EXERCISE PROMPT
Every line of the data, first to last, must be written out unchanged.

►

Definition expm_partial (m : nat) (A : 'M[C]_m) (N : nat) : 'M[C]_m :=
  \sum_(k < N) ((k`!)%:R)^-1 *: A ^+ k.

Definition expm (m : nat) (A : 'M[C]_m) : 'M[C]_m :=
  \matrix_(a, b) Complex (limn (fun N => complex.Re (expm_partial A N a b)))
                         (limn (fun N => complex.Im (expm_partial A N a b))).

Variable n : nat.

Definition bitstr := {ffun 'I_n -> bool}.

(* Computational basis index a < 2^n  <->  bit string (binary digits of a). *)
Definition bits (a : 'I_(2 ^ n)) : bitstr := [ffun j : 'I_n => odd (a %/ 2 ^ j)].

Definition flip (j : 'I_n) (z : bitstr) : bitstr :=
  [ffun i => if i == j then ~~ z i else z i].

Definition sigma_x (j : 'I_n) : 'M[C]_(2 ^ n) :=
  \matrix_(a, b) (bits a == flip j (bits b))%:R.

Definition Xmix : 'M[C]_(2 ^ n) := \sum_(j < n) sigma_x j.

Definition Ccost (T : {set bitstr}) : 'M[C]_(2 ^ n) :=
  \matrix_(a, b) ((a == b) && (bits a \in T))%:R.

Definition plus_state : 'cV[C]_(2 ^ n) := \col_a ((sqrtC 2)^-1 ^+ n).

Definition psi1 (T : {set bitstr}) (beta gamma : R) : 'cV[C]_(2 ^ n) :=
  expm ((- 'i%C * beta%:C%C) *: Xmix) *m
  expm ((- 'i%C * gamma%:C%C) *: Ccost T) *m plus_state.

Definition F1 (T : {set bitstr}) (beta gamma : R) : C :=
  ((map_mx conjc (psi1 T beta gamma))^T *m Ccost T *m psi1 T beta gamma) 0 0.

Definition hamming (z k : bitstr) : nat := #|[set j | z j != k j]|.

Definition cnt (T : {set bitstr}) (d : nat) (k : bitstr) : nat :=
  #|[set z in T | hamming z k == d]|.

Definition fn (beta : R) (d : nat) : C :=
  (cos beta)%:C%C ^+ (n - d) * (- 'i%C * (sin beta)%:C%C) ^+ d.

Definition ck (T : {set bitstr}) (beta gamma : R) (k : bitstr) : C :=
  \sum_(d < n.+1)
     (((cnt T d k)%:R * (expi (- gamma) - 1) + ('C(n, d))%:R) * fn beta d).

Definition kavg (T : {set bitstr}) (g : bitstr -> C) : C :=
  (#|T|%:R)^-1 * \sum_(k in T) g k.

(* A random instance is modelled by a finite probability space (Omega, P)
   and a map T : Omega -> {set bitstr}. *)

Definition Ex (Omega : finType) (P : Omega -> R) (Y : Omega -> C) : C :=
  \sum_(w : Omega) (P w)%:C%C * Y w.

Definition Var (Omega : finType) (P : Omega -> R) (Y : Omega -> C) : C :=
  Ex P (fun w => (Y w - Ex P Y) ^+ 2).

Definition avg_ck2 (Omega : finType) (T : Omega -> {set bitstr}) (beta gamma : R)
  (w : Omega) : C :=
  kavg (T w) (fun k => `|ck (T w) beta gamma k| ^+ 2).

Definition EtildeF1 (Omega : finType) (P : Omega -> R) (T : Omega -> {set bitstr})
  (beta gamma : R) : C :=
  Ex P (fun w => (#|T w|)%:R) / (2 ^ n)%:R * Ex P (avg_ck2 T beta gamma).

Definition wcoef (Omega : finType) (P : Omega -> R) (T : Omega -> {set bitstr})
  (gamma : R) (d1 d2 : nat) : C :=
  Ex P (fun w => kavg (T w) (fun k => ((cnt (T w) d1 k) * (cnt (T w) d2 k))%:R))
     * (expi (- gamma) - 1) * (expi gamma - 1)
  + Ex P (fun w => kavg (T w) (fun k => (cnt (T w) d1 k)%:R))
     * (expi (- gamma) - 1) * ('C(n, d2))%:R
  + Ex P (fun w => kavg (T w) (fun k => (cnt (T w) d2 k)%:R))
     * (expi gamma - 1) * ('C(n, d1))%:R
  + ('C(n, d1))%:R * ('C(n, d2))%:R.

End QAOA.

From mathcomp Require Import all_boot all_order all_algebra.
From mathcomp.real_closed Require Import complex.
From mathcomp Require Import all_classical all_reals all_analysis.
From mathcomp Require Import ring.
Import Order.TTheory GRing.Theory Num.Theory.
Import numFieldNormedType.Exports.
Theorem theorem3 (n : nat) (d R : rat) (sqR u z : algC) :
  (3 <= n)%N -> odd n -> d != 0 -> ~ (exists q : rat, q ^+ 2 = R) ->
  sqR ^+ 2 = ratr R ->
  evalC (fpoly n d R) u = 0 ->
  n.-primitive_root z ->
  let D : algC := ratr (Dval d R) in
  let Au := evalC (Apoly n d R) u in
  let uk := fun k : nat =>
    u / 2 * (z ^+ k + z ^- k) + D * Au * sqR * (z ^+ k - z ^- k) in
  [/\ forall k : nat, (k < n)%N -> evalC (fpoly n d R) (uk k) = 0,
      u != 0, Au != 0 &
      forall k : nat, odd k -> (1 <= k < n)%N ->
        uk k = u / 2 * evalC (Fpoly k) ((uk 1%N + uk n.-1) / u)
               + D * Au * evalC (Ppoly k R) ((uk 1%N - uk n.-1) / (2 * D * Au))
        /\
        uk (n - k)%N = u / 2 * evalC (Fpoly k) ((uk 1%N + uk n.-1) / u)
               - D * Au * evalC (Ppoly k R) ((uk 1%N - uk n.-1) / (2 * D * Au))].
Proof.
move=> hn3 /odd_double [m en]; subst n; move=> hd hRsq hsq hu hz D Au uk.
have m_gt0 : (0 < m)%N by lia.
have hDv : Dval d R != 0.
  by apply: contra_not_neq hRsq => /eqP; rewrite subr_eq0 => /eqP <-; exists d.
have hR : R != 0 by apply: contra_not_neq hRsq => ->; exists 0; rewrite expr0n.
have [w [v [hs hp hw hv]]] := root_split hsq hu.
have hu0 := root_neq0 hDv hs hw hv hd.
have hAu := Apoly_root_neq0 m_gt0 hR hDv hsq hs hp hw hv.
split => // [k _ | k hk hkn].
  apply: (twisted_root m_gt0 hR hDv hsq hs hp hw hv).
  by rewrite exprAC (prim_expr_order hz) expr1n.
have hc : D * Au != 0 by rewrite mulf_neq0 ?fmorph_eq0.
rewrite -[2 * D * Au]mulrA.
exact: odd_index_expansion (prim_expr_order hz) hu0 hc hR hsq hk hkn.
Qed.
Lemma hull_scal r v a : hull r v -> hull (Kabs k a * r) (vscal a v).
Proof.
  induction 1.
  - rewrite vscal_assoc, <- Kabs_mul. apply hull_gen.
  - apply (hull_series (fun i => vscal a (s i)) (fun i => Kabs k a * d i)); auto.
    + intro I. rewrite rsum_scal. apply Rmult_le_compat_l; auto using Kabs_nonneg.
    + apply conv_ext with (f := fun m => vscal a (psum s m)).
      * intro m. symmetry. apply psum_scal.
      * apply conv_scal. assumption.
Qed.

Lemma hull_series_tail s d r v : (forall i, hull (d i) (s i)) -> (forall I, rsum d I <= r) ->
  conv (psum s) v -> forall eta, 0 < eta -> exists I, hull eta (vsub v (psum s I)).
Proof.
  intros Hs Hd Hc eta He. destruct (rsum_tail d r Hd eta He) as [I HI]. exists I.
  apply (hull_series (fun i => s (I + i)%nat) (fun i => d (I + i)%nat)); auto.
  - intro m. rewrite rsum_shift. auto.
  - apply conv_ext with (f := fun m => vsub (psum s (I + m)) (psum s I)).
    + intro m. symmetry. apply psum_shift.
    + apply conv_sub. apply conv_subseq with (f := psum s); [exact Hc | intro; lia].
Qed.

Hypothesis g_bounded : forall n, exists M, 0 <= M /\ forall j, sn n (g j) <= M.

◄

SOLUTION BELOW
Definition expm_partial (m : nat) (A : 'M[C]_m) (N : nat) : 'M[C]_m :=
  \sum_(k < N) ((k`!)%:R)^-1 *: A ^+ k.

Definition expm (m : nat) (A : 'M[C]_m) : 'M[C]_m :=
  \matrix_(a, b) Complex (limn (fun N => complex.Re (expm_partial A N a b)))
                         (limn (fun N => complex.Im (expm_partial A N a b))).

Variable n : nat.

Definition bitstr := {ffun 'I_n -> bool}.

(* Computational basis index a < 2^n  <->  bit string (binary digits of a). *)
Definition bits (a : 'I_(2 ^ n)) : bitstr := [ffun j : 'I_n => odd (a %/ 2 ^ j)].

Definition flip (j : 'I_n) (z : bitstr) : bitstr :=
  [ffun i => if i == j then ~~ z i else z i].

Definition sigma_x (j : 'I_n) : 'M[C]_(2 ^ n) :=
  \matrix_(a, b) (bits a == flip j (bits b))%:R.

Definition Xmix : 'M[C]_(2 ^ n) := \sum_(j < n) sigma_x j.

Definition Ccost (T : {set bitstr}) : 'M[C]_(2 ^ n) :=
  \matrix_(a, b) ((a == b) && (bits a \in T))%:R.

Definition plus_state : 'cV[C]_(2 ^ n) := \col_a ((sqrtC 2)^-1 ^+ n).

Definition psi1 (T : {set bitstr}) (beta gamma : R) : 'cV[C]_(2 ^ n) :=
  expm ((- 'i%C * beta%:C%C) *: Xmix) *m
  expm ((- 'i%C * gamma%:C%C) *: Ccost T) *m plus_state.

Definition F1 (T : {set bitstr}) (beta gamma : R) : C :=
  ((map_mx conjc (psi1 T beta gamma))^T *m Ccost T *m psi1 T beta gamma) 0 0.

Definition hamming (z k : bitstr) : nat := #|[set j | z j != k j]|.

Definition cnt (T : {set bitstr}) (d : nat) (k : bitstr) : nat :=
  #|[set z in T | hamming z k == d]|.

Definition fn (beta : R) (d : nat) : C :=
  (cos beta)%:C%C ^+ (n - d) * (- 'i%C * (sin beta)%:C%C) ^+ d.

Definition ck (T : {set bitstr}) (beta gamma : R) (k : bitstr) : C :=
  \sum_(d < n.+1)
     (((cnt T d k)%:R * (expi (- gamma) - 1) + ('C(n, d))%:R) * fn beta d).

Definition kavg (T : {set bitstr}) (g : bitstr -> C) : C :=
  (#|T|%:R)^-1 * \sum_(k in T) g k.

(* A random instance is modelled by a finite probability space (Omega, P)
   and a map T : Omega -> {set bitstr}. *)

Definition Ex (Omega : finType) (P : Omega -> R) (Y : Omega -> C) : C :=
  \sum_(w : Omega) (P w)%:C%C * Y w.

Definition Var (Omega : finType) (P : Omega -> R) (Y : Omega -> C) : C :=
  Ex P (fun w => (Y w - Ex P Y) ^+ 2).

Definition avg_ck2 (Omega : finType) (T : Omega -> {set bitstr}) (beta gamma : R)
  (w : Omega) : C :=
  kavg (T w) (fun k => `|ck (T w) beta gamma k| ^+ 2).

Definition EtildeF1 (Omega : finType) (P : Omega -> R) (T : Omega -> {set bitstr})
  (beta gamma : R) : C :=
  Ex P (fun w => (#|T w|)%:R) / (2 ^ n)%:R * Ex P (avg_ck2 T beta gamma).

Definition wcoef (Omega : finType) (P : Omega -> R) (T : Omega -> {set bitstr})
  (gamma : R) (d1 d2 : nat) : C :=
  Ex P (fun w => kavg (T w) (fun k => ((cnt (T w) d1 k) * (cnt (T w) d2 k))%:R))
     * (expi (- gamma) - 1) * (expi gamma - 1)
  + Ex P (fun w => kavg (T w) (fun k => (cnt (T w) d1 k)%:R))
     * (expi (- gamma) - 1) * ('C(n, d2))%:R
  + Ex P (fun w => kavg (T w) (fun k => (cnt (T w) d2 k)%:R))
     * (expi gamma - 1) * ('C(n, d1))%:R
  + ('C(n, d1))%:R * ('C(n, d2))%:R.

End QAOA.

From mathcomp Require Import all_boot all_order all_algebra.
From mathcomp.real_closed Require Import complex.
From mathcomp Require Import all_classical all_reals all_analysis.
From mathcomp Require Import ring.
Import Order.TTheory GRing.Theory Num.Theory.
Import numFieldNormedType.Exports.
Theorem theorem3 (n : nat) (d R : rat) (sqR u z : algC) :
  (3 <= n)%N -> odd n -> d != 0 -> ~ (exists q : rat, q ^+ 2 = R) ->
  sqR ^+ 2 = ratr R ->
  evalC (fpoly n d R) u = 0 ->
  n.-primitive_root z ->
  let D : algC := ratr (Dval d R) in
  let Au := evalC (Apoly n d R) u in
  let uk := fun k : nat =>
    u / 2 * (z ^+ k + z ^- k) + D * Au * sqR * (z ^+ k - z ^- k) in
  [/\ forall k : nat, (k < n)%N -> evalC (fpoly n d R) (uk k) = 0,
      u != 0, Au != 0 &
      forall k : nat, odd k -> (1 <= k < n)%N ->
        uk k = u / 2 * evalC (Fpoly k) ((uk 1%N + uk n.-1) / u)
               + D * Au * evalC (Ppoly k R) ((uk 1%N - uk n.-1) / (2 * D * Au))
        /\
        uk (n - k)%N = u / 2 * evalC (Fpoly k) ((uk 1%N + uk n.-1) / u)
               - D * Au * evalC (Ppoly k R) ((uk 1%N - uk n.-1) / (2 * D * Au))].
Proof.
move=> hn3 /odd_double [m en]; subst n; move=> hd hRsq hsq hu hz D Au uk.
have m_gt0 : (0 < m)%N by lia.
have hDv : Dval d R != 0.
  by apply: contra_not_neq hRsq => /eqP; rewrite subr_eq0 => /eqP <-; exists d.
have hR : R != 0 by apply: contra_not_neq hRsq => ->; exists 0; rewrite expr0n.
have [w [v [hs hp hw hv]]] := root_split hsq hu.
have hu0 := root_neq0 hDv hs hw hv hd.
have hAu := Apoly_root_neq0 m_gt0 hR hDv hsq hs hp hw hv.
split => // [k _ | k hk hkn].
  apply: (twisted_root m_gt0 hR hDv hsq hs hp hw hv).
  by rewrite exprAC (prim_expr_order hz) expr1n.
have hc : D * Au != 0 by rewrite mulf_neq0 ?fmorph_eq0.
rewrite -[2 * D * Au]mulrA.
exact: odd_index_expansion (prim_expr_order hz) hu0 hc hR hsq hk hkn.
Qed.
Lemma hull_scal r v a : hull r v -> hull (Kabs k a * r) (vscal a v).
Proof.
  induction 1.
  - rewrite vscal_assoc, <- Kabs_mul. apply hull_gen.
  - apply (hull_series (fun i => vscal a (s i)) (fun i => Kabs k a * d i)); auto.
    + intro I. rewrite rsum_scal. apply Rmult_le_compat_l; auto using Kabs_nonneg.
    + apply conv_ext with (f := fun m => vscal a (psum s m)).
      * intro m. symmetry. apply psum_scal.
      * apply conv_scal. assumption.
Qed.

Lemma hull_series_tail s d r v : (forall i, hull (d i) (s i)) -> (forall I, rsum d I <= r) ->
  conv (psum s) v -> forall eta, 0 < eta -> exists I, hull eta (vsub v (psum s I)).
Proof.
  intros Hs Hd Hc eta He. destruct (rsum_tail d r Hd eta He) as [I HI]. exists I.
  apply (hull_series (fun i => s (I + i)%nat) (fun i => d (I + i)%nat)); auto.
  - intro m. rewrite rsum_shift. auto.
  - apply conv_ext with (f := fun m => vsub (psum s (I + m)) (psum s I)).
    + intro m. symmetry. apply psum_shift.
    + apply conv_sub. apply conv_subseq with (f := psum s); [exact Hc | intro; lia].
Qed.

Hypothesis g_bounded : forall n, exists M, 0 <= M /\ forall j, sn n (g j) <= M.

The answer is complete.